━━━━━ Data for review ━━━━━

Lemma discriminant_le (A B C0 : R) :
  0 <= A -> (forall t, 0 <= A * t ^+ 2 + B * t + C0) -> B ^+ 2 <= 4 * A * C0.
Proof.
move=> A0 ge0; have [eA|Ap] := eqVneq A 0.
  rewrite eA in ge0 *; have [->|Bn0] := eqVneq B 0; first by rewrite expr0n mulr0 mul0r.
  by have := ge0 (- (C0 + 1) / B); rewrite mul0r add0r mulrC mulfVK //; lra.
have Agt0 : 0 < A by rewrite lt0r Ap.
have := ge0 (- B / (2 * A)).
have -> : A * (- B / (2 * A)) ^+ 2 + B * (- B / (2 * A)) + C0
          = (4 * A * C0 - B ^+ 2) / (4 * A) by field; rewrite Ap.
by rewrite pmulr_lge0 ?subr_ge0 // invr_gt0; lra.
Qed.

Lemma qf_expand (n : nat) (Q : 'M[C]_n) (v : 'cV[C]_n) :
  ((map_mx Num.conj v)^T *m Q *m v) 0 0 =
  \sum_i \sum_j Num.conj (v i 0) * Q i j * v j 0.
Proof.
rewrite mxE; under eq_bigr => j _ do rewrite mxE big_distrl /=.
by rewrite exchange_big; apply: eq_bigr => i _; apply: eq_bigr => j _; rewrite !mxE.
Qed.

Lemma psd_re_form (n : nat) (Q : 'M[C]_n) (c : 'I_n -> R) : psd Q ->
  0 <= \sum_i \sum_j c i * complex.Re (Q i j) * c j.
Proof.
move=> /(_ (\col_i (c i)%:C)); rewrite qf_expand lecE => /andP[_].
rewrite Re_sum; under eq_bigr => i _ do rewrite Re_sum.
by under eq_bigr => i _ do under eq_bigr => j _ do rewrite !mxE Re_conj_realM.
Qed.

Lemma psd_re_pair (n : nat) (Q : 'M[C]_n) (i j : 'I_n) (t u : R) : psd Q ->
  0 <= complex.Re (Q i i) * t ^+ 2 + (complex.Re (Q i j) + complex.Re (Q j i)) * (t * u)
       + complex.Re (Q j j) * u ^+ 2.
Proof.
move=> /(psd_re_form (fun k => t * (k == i)%:R + u * (k == j)%:R)).
have pick (k0 : 'I_n) (G : 'I_n -> R) : \sum_k (k == k0)%:R * G k = G k0.
  by rewrite (bigD1 k0) //= eqxx mul1r big1 ?addr0 // => k /negbTE ->; rewrite mul0r.
have sum_pair (G : 'I_n -> R) :
    \sum_k (t * (k == i)%:R + u * (k == j)%:R) * G k = t * G i + u * G j.
  by under eq_bigr do rewrite mulrDl -!mulrA; rewrite big_split /= -!mulr_sumr !pick.
under eq_bigr do under eq_bigr do rewrite -mulrA (mulrC (complex.Re _)).
under eq_bigr do rewrite -mulr_sumr sum_pair.
by rewrite sum_pair; congr (_ <= _); ring.
Qed.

━━━━━

__To do__:
Please show every line of the material that contains the string "eqVneq".

__Result for this exercise__:
move=> A0 ge0; have [eA|Ap] := eqVneq A 0.
  rewrite eA in ge0 *; have [->|Bn0] := eqVneq B 0; first by rewrite expr0n mulr0 mul0r.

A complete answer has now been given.